[Stored items]
Start of Block
(* Let $X$ be an infinite compact metrizable space, $h\colon X\to X$ a minimal homeomorphism, and suppose $(X,h)$ has the topological small boundary property. Let $\varepsilon>0$. Then for any closed $F\subset X$ and open $U\subset X$ with $F\subset U$, there exist a closed set $K\subset X$ and an open set $V\subset X$ with $F\subset K\subset V\subset\overline{V}\subset U$ and $\mu(V\setminus K)<\varepsilon$ for all $\mu\in M_h(X)$.
   Context: $M_h(X)$ denotes the set of $h$-invariant Borel probability measures on $X$. A closed set $F\subset X$ is topologically $h$-small if there is $m\in\mathbb{Z}_{+}$ such that whenever $d(0),\dots,d(m)$ are $m+1$ distinct integers, $h^{d(0)}(F)\cap\cdots\cap h^{d(m)}(F)=\varnothing$. $(X,h)$ has the topological small boundary property if whenever $F,K\subset X$ are disjoint compact sets, there exist open sets $U,V\subset X$ with $F\subset U$, $K\subset V$, $\overline{U}\cap\overline{V}=\varnothing$ and $\partial U$ (boundary of $U$) topologically $h$-small. *)

From HB Require Import structures.
From mathcomp Require Import all_boot all_order all_algebra.
From mathcomp Require Import all_classical all_reals all_analysis.
Set Implicit Arguments. Unset Strict Implicit. Unset Printing Implicit Defensive.
Import Order.TTheory GRing.Theory Num.Theory.
Local Open Scope classical_set_scope.
Local Open Scope ring_scope.

Definition homeomorphism {X : topologicalType} (h : X -> X) : Prop :=
  exists g : X -> X, [/\ cancel h g, cancel g h, continuous h & continuous g].

Definition minimal_map {X : topologicalType} (h : X -> X) : Prop :=
  forall Y : set X, closed Y -> h @` Y = Y -> Y = set0 \/ Y = setT.

(* h^d(F) for d : int, for a bijection h: for d = n >= 0 the image under
   h^n, for d = -n < 0 the image under h^{-n}, i.e. the preimage under h^n. *)
Definition hpow_set {X : Type} (h : X -> X) (d : int) (F : set X) : set X :=
  match d with
  | Posz n => iter n h @` F
  | Negz n => iter n.+1 h @^-1` F
  end.

Definition top_small {X : topologicalType} (h : X -> X) (F : set X) : Prop :=
  closed F /\
  exists m : nat, forall d : 'I_m.+1 -> int, injective d ->
    \bigcap_(i in [set: 'I_m.+1]) hpow_set h (d i) F = set0.

Definition boundary {X : topologicalType} (A : set X) : set X :=
  closure A `\` interior A.

Definition top_small_boundary_property {X : topologicalType} (h : X -> X) : Prop :=
  forall F K : set X, compact F -> compact K -> F `&` K = set0 ->
    exists U V : set X, [/\ open U /\ open V, F `<=` U, K `<=` V,
      closure U `&` closure V = set0 & top_small h (boundary U)].

Definition borel_type (X : ptopologicalType) := g_sigma_algebraType (@open X).

Definition h_invariant {X : ptopologicalType} {R : realType} (h : X -> X)
  (mu : probability (borel_type X) R) : Prop :=
  forall A : set (borel_type X), measurable A -> mu (h @^-1` A) = mu A.

From HB Require Import structures.
From mathcomp Require Import all_boot all_order all_algebra.
From mathcomp Require Import all_classical all_reals all_analysis.
From mathcomp Require Import measurable_realfun.
Import Order.TTheory GRing.Theory Num.Theory.
Set Implicit Arguments. Unset Strict Implicit. Unset Printing Implicit Defensive.
Local Open Scope classical_set_scope.
Local Open Scope ring_scope.

(* Take an open U0 between F and U whose boundary B is topologically small with
   constant m, and K := closure U0.  Smallness means that no orbit segment
   h x, ..., h^N x meets B more than m times; by compactness the same holds
   for a small enough open neighbourhood W of B.  Summing the indicators of
   h^-j(W), j = 1..N, gives N mu(W) <= m for every invariant mu, so
   mu(W) < eps once N > m / eps.  Then V := U0 ∪ (W ∩ U1), with U1 a
   neighbourhood of closure U0 inside U, satisfies V \ K ⊆ W. *)

Lemma borel_open_measurable (X : ptopologicalType) (A : set X) :
  open A -> measurable (A : set (borel_type X)).
Proof. by move=> oA; apply: sub_sigma_algebra. Qed.

Lemma continuous_iter (X : topologicalType) (h : X -> X) :
  continuous h -> forall k, continuous (iter k h).
Proof.
move=> hc k x; elim: k => [|k IH] /=; first exact: cvg_id.
exact: continuous_comp IH (hc _).
Qed.

Lemma probability_sum_le_multiplicity (R : realType) (X : ptopologicalType)
    (mu : probability (borel_type X) R) (N m : nat) (A : 'I_N -> set X) :
  (forall j, open (A j)) ->
  (forall y, #|[pred j : 'I_N | y \in A j]| <= m)%N ->
  (\sum_(j < N) mu (A j) <= m%:R%:E)%E.
Proof.
move=> oA cA.
have mA j : measurable (A j : set (borel_type X)) by exact: borel_open_measurable.
have mAi j : measurable_fun setT (fun x : borel_type X => (\1_(A j) x)%:E).
  by apply/measurable_EFinP; exact: measurable_indic.
have -> : (\sum_(j < N) mu (A j) =
    \sum_(j < N) \int[mu]_(x in [set: borel_type X]) (\1_(A j) x)%:E)%E.
  by apply: eq_bigr => j _; rewrite integral_indic // setIT.
rewrite -ge0_integral_sum //.
apply: (@le_trans _ _ (\int[mu]_(x in [set: borel_type X]) (m%:R)%:E)%E).
  apply: ge0_le_integral => //.
  - by move=> x _; apply: sume_ge0 => j _; rewrite lee_fin.
  - exact: emeasurable_sum.
  move=> x _; rewrite sumEFin lee_fin.
  under eq_bigr do rewrite indicE.
  rewrite -natr_sum ler_nat; apply: leq_trans (cA x).
  rewrite -sum1_card [X in (_ <= X)%N]big_mkcond /=.
  apply: leq_sum => j _.
  by case: (boolP (x \in A j)) => // Ax; rewrite inE Ax.
by rewrite integral_cst // [X in (_ * X)%E]probability_setT mule1.
Qed.

Lemma h_invariant_preimage_iter (R : realType) (X : ptopologicalType)
    (h : X -> X) (mu : probability (borel_type X) R) :
  continuous h -> h_invariant h mu ->
  forall k (A : set X), open A -> mu (iter k h @^-1` A) = mu A.
Proof.
move=> hc hinv; elim=> [//|k IH] A oA /=.
have oA' : open (h @^-1` A) by apply: open_comp => // x _; exact: hc.
by rewrite (IH _ oA') hinv //; exact: borel_open_measurable.
Qed.

Lemma top_small_visits_le (X : topologicalType) (h : X -> X) (B : set X)
    (m : nat) :
  (forall d : 'I_m.+1 -> int, injective d ->
    \bigcap_(i in [set: 'I_m.+1]) hpow_set h (d i) B = set0) ->
  forall N x, (#|[pred j : 'I_N | iter j.+1 h x \in B]| <= m)%N.
Proof.
move=> smallB N x; rewrite leqNgt; apply/negP => visits.
set P := [pred j : 'I_N | iter j.+1 h x \in B] in visits.
(* iter j.+1 h x \in B says x \in hpow_set h (Negz j) B. *)
pose d (i : 'I_m.+1) : int := Negz (enum_val (A := P) (widen_ord visits i)).
have d_inj : injective d.
  move=> i1 i2 [] /val_inj /enum_val_inj E.
  by apply: val_inj; exact: (congr1 val E).
suff : (\bigcap_(i in [set: 'I_m.+1]) hpow_set h (d i) B) x.
  by rewrite (smallB d d_inj).
by move=> i _; have := enum_valP (A := P) (widen_ord visits i); rewrite inE.
Qed.

Definition thickening {R : realType} {X : pseudoPMetricType R} (B : set X)
  (n : nat) : set X := \bigcup_(b in B) ball b n.+1%:R^-1.

Lemma sub_interior_thickening (R : realType) (X : pseudoPMetricType R) (B : set X) n :
  B `<=` (thickening B n)°.
Proof.
move=> b Bb; apply: filterS (nbhsx_ballx b n.+1%:R^-1 _); last by rewrite invr_gt0.
by move=> y by_; exists b.
Qed.

Lemma near_thickening_mem (R : realType) (X : pseudoPMetricType R)
    (f : X -> X) (B : set X) (x : X) :
  continuous f -> closed B ->
  filter_prod (nbhs x) (nbhs (\oo : set_system nat))
    (fun p => thickening B p.2 (f p.1) -> B (f x)).
Proof.
move=> fc cB; have [Bfx|nBfx] := pselect (B (f x)); first exact: filterE.
have /nbhs_ballP [r /= r0 rB] : \forall y \near f x, ~ B y.
  by move: cB => /closed_openC; rewrite openE; apply.
have r20 : 0 < r / 2 by rewrite divr_gt0.
exists ([set x' | ball (f x) (r / 2) (f x')], [set i : nat | i.+1%:R^-1 < r / 2]).
  split; first exact: fc x _ (nbhsx_ballx _ _ r20).
  exact: near_infty_natSinv_lt (PosNum r20).
move=> [x' i] /= [fx'_near i_large] [b Bb b_near]; exfalso.
apply: (rB b) => //; apply: (@le_ball _ _ _ (r / 2 + i.+1%:R^-1)).
  by rewrite [leRHS](splitr r) lerD2l ltW.
exact: ball_triangle fx'_near (ball_sym b_near).
Qed.

Lemma thickening_multiplicity (R : realType) (X : pseudoPMetricType R)
    (N m : nat) (f : 'I_N -> X -> X) (B : set X) :
  compact [set: X] -> (forall j, continuous (f j)) -> closed B ->
  (forall x, #|[pred j | f j x \in B]| <= m)%N ->
  exists n, forall x, (#|[pred j | f j x \in thickening B n]| <= m)%N.
Proof.
move=> /compact_near_coveringP cover fc cB visits.
have [x _|n _ mult] := cover nat \oo
  (fun n x => #|[pred j | f j x \in thickening B n]| <= m)%N; last first.
  by exists n => x; exact: mult n (leqnn n) x I.
have prod_filter : Filter (filter_prod (nbhs x) (nbhs (\oo : set_system nat))).
  exact: filter_prod_filter.
have := filter_forall prod_filter (fun j => near_thickening_mem x (fc j) cB).
rewrite /prop_near2; apply: filterS => -[x' i] /= mem.
apply: leq_trans (visits x); apply/subset_leq_card/fintype.subsetP => j.
by rewrite !inE; exact: mem.
Qed.

Lemma lte_of_natmul_le (R : realType) (x : \bar R) (N m : nat) (eps : R) :
  0 < eps -> m%:R / eps < N%:R -> (0 <= x)%E -> (x *+ N <= m%:R%:E)%E ->
  (x < eps%:E)%E.
Proof.
move=> eps0 Nbig; have N_gt0 : 0 < N%:R :> R.
  by apply: le_lt_trans _ Nbig; rewrite divr_ge0 // ltW.
case: x => [c||] //= _; last first.
  by case: N N_gt0 {Nbig} => [|n]; rewrite ?ltxx // enatmul_pinfty leye_eq.
rewrite -[X in (X <= _)%E]EFin_natmul lee_fin lte_fin -[c *+ N]mulr_natl => Nc_le.
rewrite -(ltr_pM2l N_gt0); apply: le_lt_trans Nc_le _.
by rewrite -ltr_pdivrMr.
Qed.

Lemma top_small_invariant_nbhd (R : realType) (X : pseudoPMetricType R)
    (h : X -> X) (B : set X) (eps : R) :
  compact [set: X] -> continuous h -> top_small h B -> 0 < eps ->
  exists O : set X, [/\ open O, B `<=` O &
    forall mu : probability (borel_type X) R, h_invariant h mu ->
      (mu O < eps%:E)%E].
Proof.
move=> cpt hc [cB [m smallB]] eps0.
pose N := (Num.truncn (m%:R / eps)).+1.
have iter_cont (j : 'I_N) : continuous (iter j.+1 h) by exact: continuous_iter.
have [n thick_visits] := thickening_multiplicity cpt iter_cont cB
  (top_small_visits_le smallB N).
pose O := (thickening B n)°.
have oO : open O by exact: open_interior.
exists O; split => // [|mu hinv]; first exact: sub_interior_thickening.
have oOj (j : 'I_N) : open (iter j.+1 h @^-1` O).
  by apply: open_comp oO => x _; exact: iter_cont.
have O_visits y : (#|[pred j : 'I_N | y \in iter j.+1 h @^-1` O]| <= m)%N.
  apply: leq_trans (thick_visits y).
  apply/subset_leq_card/fintype.subsetP => j; rewrite !inE.
  exact: interior_subset.
have := probability_sum_le_multiplicity mu oOj O_visits.
under eq_bigr do rewrite (h_invariant_preimage_iter hc hinv _ oO).
rewrite sumr_const card_ord.
by apply: lte_of_natmul_le => //; exact: (truncnS_gt (m%:R / eps)).
Qed.

Lemma small_boundary_nbhd (X : topologicalType) (h : X -> X) (A U : set X) :
  compact [set: X] -> top_small_boundary_property h ->
  closed A -> open U -> A `<=` U ->
  exists W : set X,
    [/\ open W, A `<=` W, closure W `<=` U & top_small h (boundary W)].
Proof.
move=> cpt tsbp cA oU AU.
have AUc : A `&` ~` U = set0 by apply/disjoints_subset; rewrite setCK.
have [W [W' [[oW _] AW UcW' disj small]]] := tsbp _ _
  (subclosed_compact cA cpt (subsetT _))
  (subclosed_compact (open_closedC oU) cpt (subsetT _)) AUc.
exists W; split => // x clWx; apply: contrapT => Ux.
have : (closure W `&` closure W') x by split => //; exact/subset_closure/UcW'.
by rewrite disj.
Qed.

Theorem lemma4p8 (R : realType) (X : pseudoPMetricType R) (h : X -> X)
  (eps : R) :
  hausdorff_space X -> compact [set: X] -> infinite_set [set: X] ->
  homeomorphism h -> minimal_map h -> top_small_boundary_property h ->
  0 < eps ->
  forall F U : set X, closed F -> open U -> F `<=` U ->
  exists K V : set X, [/\ closed K /\ open V, F `<=` K, K `<=` V,
    closure V `<=` U &
    forall mu : probability (borel_type X) R, h_invariant h mu ->
      (mu (V `\` K) < eps%:E)%E].
Proof.
move=> _ cpt _ [_ [_ _ hc _]] _ tsbp eps0 F U cF oU FU.
have [U0 [oU0 FU0 clU0U smallB]] := small_boundary_nbhd cpt tsbp cF oU FU.
have [U1 [oU1 clU0U1 clU1U _]] :=
  small_boundary_nbhd cpt tsbp (@closed_closure _ U0) oU clU0U.
have [W [oW BW muW]] := top_small_invariant_nbhd cpt hc smallB eps0.
have oV : open (U0 `|` (W `&` U1)) by apply: openU => //; exact: openI.
exists (closure U0), (U0 `|` (W `&` U1)); split.
- by split; first exact: closed_closure.
- exact: subset_trans FU0 (@subset_closure _ U0).
- move=> x clU0x; have [U0x|nU0x] := pselect (U0 x); [by left | right].
  by split; [apply: BW; split => // /interior_subset | exact: clU0U1].
- apply: subset_trans clU1U; apply: closureS => x [U0x|[_ //]].
  exact/clU0U1/subset_closure.
move=> mu hinv; apply: le_lt_trans (muW mu hinv).
apply: le_measure; rewrite ?inE; try exact: borel_open_measurable.
- apply: borel_open_measurable; rewrite setDE; apply: openI => //.
  exact/closed_openC/closed_closure.
- by move=> x [[U0x|[Wx _]] nclx] //; exfalso; exact/nclx/subset_closure.
Qed.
End of Block
- **Problem requirements**:
Retype only this portion of the data above: the line containing "have /nbhs_ballP [r", the line containing "by rewrite [leRHS](splitr r) lerD2l ltW.", and all lines between them, exactly.

- **Response below**:
have /nbhs_ballP [r /= r0 rB] : \forall y \near f x, ~ B y.
  by move: cB => /closed_openC; rewrite openE; apply.
have r20 : 0 < r / 2 by rewrite divr_gt0.
exists ([set x' | ball (f x) (r / 2) (f x')], [set i : nat | i.+1%:R^-1 < r / 2]).
  split; first exact: fc x _ (nbhsx_ballx _ _ r20).
  exact: near_infty_natSinv_lt (PosNum r20).
move=> [x' i] /= [fx'_near i_large] [b Bb b_near]; exfalso.
apply: (rB b) => //; apply: (@le_ball _ _ _ (r / 2 + i.+1%:R^-1)).
  by rewrite [leRHS](splitr r) lerD2l ltW.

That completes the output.